Saved entries:
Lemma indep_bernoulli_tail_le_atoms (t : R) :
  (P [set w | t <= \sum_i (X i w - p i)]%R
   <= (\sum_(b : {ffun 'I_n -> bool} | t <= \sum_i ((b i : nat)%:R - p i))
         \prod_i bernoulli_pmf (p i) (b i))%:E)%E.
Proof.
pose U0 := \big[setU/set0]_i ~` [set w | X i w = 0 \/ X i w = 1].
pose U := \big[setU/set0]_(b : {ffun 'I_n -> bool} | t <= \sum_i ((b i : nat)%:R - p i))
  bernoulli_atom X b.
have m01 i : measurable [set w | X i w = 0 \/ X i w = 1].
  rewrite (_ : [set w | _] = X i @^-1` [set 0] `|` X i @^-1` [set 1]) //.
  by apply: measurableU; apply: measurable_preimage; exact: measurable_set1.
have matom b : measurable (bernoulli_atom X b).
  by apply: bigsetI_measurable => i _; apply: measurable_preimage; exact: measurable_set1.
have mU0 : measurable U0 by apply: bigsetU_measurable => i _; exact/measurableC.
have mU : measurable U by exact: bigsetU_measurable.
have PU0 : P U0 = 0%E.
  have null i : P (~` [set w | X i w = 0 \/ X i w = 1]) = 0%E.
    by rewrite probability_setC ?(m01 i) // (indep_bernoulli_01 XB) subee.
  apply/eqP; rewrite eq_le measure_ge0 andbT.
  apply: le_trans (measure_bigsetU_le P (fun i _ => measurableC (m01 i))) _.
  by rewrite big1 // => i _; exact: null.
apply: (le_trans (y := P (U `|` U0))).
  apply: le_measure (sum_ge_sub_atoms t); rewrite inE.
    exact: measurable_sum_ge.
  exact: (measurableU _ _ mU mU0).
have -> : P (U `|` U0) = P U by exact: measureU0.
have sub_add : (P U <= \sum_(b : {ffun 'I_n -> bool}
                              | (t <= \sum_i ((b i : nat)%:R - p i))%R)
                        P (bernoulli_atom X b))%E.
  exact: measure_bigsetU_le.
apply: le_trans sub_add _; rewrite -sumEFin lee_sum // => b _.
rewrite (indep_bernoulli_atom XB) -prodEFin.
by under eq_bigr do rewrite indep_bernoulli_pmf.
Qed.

...

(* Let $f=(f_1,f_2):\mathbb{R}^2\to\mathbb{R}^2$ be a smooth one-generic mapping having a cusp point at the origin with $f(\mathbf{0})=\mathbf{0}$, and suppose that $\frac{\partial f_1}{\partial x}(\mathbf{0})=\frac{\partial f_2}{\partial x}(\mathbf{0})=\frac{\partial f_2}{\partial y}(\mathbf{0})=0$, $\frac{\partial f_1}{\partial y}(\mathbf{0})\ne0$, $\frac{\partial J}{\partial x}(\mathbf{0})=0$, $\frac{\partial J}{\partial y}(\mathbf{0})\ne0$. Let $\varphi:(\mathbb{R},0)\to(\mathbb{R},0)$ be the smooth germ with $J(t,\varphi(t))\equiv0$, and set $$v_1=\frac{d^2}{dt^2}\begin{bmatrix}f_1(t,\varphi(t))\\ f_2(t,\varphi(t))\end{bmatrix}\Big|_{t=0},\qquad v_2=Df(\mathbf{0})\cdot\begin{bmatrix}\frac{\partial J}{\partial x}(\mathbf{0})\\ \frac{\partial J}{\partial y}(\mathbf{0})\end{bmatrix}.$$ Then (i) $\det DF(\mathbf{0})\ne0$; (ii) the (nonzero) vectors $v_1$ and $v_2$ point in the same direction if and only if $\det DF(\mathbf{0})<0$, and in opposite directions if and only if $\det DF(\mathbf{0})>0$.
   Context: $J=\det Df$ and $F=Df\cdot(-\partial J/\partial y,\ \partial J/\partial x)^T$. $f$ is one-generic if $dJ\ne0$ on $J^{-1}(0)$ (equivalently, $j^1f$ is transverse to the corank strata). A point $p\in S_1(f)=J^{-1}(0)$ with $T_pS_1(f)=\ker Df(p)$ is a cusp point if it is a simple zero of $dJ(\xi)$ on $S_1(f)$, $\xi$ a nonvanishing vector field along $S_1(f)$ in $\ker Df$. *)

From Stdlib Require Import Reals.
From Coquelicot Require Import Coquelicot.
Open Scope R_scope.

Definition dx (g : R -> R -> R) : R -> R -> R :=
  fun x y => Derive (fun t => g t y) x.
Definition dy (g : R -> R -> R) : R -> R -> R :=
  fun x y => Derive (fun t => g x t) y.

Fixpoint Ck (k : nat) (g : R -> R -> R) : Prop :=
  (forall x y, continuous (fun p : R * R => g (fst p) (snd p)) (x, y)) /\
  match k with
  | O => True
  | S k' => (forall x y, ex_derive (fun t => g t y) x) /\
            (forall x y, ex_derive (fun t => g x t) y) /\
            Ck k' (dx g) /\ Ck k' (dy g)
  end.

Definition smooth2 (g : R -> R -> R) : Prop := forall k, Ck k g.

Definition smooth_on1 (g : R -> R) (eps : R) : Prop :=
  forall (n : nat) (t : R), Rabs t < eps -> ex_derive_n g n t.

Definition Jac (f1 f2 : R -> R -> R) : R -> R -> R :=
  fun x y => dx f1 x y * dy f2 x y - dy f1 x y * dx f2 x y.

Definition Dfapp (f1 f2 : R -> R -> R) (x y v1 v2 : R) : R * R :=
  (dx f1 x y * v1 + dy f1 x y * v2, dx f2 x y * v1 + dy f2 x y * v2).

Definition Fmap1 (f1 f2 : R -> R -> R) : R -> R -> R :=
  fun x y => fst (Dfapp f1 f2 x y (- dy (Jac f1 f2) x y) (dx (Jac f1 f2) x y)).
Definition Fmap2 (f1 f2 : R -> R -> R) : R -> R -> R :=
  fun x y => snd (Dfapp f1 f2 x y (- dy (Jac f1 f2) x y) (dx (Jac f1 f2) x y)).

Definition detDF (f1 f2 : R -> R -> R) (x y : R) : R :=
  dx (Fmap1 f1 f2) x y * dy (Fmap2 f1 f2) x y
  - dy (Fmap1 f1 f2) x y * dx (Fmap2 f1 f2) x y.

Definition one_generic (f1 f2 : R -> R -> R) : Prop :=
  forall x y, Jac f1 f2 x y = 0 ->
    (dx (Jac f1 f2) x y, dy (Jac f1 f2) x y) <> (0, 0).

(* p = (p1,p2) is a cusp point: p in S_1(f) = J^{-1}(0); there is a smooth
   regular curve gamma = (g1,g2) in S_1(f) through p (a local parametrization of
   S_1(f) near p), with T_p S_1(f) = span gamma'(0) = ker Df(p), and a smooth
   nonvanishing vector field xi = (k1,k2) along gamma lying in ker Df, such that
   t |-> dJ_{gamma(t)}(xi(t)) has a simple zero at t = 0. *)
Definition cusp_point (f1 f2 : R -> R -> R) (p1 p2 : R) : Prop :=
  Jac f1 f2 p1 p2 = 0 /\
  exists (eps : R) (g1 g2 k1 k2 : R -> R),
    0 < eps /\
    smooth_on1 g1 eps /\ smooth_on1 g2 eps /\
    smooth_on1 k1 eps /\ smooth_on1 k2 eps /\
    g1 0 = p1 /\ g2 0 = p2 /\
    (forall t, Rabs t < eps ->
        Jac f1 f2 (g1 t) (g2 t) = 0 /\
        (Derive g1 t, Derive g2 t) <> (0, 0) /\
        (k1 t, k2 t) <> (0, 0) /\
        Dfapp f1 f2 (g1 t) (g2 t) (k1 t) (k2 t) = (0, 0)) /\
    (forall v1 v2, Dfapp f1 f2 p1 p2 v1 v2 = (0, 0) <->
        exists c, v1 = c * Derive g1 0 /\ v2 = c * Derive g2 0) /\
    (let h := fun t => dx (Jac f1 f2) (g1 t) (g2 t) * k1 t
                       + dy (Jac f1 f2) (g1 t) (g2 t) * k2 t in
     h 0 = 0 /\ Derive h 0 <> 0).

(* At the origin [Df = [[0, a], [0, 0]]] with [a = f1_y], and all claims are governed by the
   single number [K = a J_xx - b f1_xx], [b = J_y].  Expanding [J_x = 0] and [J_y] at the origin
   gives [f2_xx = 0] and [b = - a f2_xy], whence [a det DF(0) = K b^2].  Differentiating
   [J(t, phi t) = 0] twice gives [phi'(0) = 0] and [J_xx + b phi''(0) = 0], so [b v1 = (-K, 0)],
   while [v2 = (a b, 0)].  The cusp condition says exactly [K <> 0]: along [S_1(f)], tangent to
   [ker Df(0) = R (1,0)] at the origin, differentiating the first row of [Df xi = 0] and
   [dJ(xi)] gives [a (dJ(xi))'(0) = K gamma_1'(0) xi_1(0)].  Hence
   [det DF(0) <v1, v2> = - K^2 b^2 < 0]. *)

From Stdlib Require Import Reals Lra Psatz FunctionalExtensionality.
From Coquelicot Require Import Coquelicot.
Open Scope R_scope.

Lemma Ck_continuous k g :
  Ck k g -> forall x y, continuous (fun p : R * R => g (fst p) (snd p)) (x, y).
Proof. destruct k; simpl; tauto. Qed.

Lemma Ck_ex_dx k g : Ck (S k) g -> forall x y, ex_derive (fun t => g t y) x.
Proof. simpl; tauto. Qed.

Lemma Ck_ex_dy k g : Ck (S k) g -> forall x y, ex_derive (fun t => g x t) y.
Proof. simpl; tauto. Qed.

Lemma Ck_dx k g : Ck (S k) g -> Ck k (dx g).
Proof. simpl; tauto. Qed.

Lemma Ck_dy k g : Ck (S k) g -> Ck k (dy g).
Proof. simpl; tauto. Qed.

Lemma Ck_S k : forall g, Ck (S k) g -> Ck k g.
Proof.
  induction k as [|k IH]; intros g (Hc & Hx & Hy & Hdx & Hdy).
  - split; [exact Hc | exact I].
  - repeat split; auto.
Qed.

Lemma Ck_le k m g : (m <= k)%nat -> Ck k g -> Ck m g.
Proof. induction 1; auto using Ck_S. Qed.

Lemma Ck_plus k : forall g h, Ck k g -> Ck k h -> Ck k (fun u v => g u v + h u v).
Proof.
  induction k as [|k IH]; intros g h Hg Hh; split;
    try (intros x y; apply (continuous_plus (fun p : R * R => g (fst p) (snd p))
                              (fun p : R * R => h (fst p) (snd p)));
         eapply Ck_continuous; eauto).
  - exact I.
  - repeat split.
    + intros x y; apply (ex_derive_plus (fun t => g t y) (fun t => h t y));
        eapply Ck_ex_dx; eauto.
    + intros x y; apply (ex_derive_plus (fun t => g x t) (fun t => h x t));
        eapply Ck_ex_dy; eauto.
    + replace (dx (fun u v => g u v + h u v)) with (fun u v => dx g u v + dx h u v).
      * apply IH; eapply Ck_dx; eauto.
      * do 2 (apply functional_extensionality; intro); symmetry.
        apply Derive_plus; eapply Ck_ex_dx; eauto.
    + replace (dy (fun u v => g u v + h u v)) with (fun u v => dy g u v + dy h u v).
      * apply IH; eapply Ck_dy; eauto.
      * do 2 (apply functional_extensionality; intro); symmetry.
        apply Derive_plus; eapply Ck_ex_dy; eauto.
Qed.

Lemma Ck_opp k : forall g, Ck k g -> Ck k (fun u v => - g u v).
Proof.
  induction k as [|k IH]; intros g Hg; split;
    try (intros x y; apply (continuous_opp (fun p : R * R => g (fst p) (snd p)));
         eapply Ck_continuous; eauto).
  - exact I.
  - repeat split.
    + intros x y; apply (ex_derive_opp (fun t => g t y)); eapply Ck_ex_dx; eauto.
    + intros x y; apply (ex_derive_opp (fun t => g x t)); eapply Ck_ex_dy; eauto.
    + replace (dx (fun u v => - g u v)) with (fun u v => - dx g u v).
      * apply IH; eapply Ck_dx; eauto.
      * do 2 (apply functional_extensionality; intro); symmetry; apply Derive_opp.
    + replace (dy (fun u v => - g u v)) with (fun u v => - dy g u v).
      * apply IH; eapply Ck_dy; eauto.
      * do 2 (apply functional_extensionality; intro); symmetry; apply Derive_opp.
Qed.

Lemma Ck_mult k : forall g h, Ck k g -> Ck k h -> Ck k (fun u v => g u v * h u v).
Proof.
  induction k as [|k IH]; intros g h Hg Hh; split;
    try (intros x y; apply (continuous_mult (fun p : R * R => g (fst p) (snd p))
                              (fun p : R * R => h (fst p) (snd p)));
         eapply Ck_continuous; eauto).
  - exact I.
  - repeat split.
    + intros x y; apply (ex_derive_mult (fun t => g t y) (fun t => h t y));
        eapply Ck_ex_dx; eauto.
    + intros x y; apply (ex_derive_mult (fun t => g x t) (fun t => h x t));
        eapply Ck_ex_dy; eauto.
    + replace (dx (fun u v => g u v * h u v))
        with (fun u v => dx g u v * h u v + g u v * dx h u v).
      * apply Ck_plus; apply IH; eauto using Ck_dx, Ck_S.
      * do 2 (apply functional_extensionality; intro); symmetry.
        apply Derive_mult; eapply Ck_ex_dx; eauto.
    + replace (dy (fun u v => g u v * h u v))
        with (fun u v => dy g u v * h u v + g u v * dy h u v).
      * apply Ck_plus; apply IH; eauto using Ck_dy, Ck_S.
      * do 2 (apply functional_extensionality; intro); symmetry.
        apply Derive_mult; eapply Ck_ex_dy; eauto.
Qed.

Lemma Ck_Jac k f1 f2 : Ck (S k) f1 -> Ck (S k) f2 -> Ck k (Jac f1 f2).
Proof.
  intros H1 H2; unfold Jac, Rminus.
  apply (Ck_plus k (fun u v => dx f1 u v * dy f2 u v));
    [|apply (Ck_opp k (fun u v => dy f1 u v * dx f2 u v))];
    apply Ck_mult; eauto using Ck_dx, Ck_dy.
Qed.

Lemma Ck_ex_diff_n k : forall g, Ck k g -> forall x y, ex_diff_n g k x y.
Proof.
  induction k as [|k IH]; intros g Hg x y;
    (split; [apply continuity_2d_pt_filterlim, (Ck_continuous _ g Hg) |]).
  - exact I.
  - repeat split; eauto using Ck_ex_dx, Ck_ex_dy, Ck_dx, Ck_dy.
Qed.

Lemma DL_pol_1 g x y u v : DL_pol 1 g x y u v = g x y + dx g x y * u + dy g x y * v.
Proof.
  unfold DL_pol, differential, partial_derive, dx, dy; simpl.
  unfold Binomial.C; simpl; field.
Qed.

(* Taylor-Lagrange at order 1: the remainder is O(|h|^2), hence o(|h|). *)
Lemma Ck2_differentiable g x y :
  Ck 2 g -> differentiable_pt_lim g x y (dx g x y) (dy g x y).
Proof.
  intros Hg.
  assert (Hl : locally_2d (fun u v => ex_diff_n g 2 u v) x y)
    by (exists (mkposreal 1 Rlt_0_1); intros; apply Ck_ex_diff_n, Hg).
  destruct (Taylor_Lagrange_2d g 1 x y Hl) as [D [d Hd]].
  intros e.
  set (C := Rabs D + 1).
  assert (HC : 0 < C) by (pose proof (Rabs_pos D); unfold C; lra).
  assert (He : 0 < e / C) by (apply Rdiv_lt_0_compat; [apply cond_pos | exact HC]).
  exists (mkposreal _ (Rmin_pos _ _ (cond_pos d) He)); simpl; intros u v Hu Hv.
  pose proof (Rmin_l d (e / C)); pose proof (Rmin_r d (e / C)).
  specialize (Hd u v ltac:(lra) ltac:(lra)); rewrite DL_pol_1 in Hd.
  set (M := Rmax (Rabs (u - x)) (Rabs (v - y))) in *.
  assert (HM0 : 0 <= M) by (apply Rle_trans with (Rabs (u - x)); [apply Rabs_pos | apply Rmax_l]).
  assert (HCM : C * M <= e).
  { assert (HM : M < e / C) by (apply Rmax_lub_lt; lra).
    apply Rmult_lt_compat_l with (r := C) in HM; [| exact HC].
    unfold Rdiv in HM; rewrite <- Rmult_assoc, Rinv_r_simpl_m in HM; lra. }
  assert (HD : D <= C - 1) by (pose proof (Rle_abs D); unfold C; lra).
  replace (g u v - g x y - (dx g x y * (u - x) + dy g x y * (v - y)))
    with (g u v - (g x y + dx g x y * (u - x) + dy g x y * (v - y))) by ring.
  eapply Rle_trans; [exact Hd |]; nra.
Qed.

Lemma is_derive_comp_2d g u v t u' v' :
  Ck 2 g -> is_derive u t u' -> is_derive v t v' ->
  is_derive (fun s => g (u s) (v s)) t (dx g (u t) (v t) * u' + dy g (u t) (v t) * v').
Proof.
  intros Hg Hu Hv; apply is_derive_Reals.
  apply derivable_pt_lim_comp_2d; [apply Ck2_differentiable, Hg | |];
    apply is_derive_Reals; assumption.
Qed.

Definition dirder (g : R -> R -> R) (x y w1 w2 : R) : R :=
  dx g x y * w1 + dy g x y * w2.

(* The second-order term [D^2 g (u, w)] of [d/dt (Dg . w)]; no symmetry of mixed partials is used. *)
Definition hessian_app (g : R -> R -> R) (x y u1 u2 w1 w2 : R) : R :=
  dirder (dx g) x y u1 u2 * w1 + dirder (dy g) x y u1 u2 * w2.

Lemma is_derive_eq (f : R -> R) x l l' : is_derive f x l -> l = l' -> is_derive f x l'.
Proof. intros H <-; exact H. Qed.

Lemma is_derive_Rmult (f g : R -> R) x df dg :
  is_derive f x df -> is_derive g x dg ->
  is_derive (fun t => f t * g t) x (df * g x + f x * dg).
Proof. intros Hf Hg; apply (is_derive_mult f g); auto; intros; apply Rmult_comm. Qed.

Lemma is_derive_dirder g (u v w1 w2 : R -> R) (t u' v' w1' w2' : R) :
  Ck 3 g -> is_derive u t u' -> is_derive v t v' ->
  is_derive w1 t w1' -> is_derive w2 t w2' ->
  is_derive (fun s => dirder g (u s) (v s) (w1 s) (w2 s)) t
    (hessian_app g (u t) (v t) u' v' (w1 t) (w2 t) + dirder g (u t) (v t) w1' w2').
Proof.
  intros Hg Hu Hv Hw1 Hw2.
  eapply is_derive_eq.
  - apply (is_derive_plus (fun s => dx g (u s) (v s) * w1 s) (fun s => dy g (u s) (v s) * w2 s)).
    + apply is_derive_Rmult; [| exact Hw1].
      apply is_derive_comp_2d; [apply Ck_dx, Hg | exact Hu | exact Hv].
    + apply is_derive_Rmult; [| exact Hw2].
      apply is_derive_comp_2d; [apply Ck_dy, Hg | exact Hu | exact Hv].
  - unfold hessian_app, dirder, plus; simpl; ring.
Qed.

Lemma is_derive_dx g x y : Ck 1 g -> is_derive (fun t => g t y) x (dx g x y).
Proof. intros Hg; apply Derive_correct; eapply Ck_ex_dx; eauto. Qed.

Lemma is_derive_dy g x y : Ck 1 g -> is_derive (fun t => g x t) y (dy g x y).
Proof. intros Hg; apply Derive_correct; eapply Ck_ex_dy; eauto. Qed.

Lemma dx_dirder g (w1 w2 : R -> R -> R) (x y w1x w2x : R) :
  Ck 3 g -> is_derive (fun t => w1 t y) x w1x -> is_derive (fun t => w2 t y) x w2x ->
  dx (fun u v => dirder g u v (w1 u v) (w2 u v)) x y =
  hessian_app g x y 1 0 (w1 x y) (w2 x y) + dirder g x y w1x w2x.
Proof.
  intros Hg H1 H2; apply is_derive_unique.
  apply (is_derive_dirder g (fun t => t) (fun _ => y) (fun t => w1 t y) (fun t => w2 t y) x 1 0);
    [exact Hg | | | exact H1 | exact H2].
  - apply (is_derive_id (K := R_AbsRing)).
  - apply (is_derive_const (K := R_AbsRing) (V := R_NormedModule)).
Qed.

TASK PROMPT: Using only the entries above, output the line with "forall (n : nat)", the line with "(* p = (p1,p2)", and all lines between them, exactly as they stand.

PROBLEM SOLUTION:
  forall (n : nat) (t : R), Rabs t < eps -> ex_derive_n g n t.

Definition Jac (f1 f2 : R -> R -> R) : R -> R -> R :=
  fun x y => dx f1 x y * dy f2 x y - dy f1 x y * dx f2 x y.

Definition Dfapp (f1 f2 : R -> R -> R) (x y v1 v2 : R) : R * R :=
  (dx f1 x y * v1 + dy f1 x y * v2, dx f2 x y * v1 + dy f2 x y * v2).

Definition Fmap1 (f1 f2 : R -> R -> R) : R -> R -> R :=
  fun x y => fst (Dfapp f1 f2 x y (- dy (Jac f1 f2) x y) (dx (Jac f1 f2) x y)).
Definition Fmap2 (f1 f2 : R -> R -> R) : R -> R -> R :=
  fun x y => snd (Dfapp f1 f2 x y (- dy (Jac f1 f2) x y) (dx (Jac f1 f2) x y)).

Definition detDF (f1 f2 : R -> R -> R) (x y : R) : R :=
  dx (Fmap1 f1 f2) x y * dy (Fmap2 f1 f2) x y
  - dy (Fmap1 f1 f2) x y * dx (Fmap2 f1 f2) x y.

Definition one_generic (f1 f2 : R -> R -> R) : Prop :=
  forall x y, Jac f1 f2 x y = 0 ->
    (dx (Jac f1 f2) x y, dy (Jac f1 f2) x y) <> (0, 0).

(* p = (p1,p2) is a cusp point: p in S_1(f) = J^{-1}(0); there is a smooth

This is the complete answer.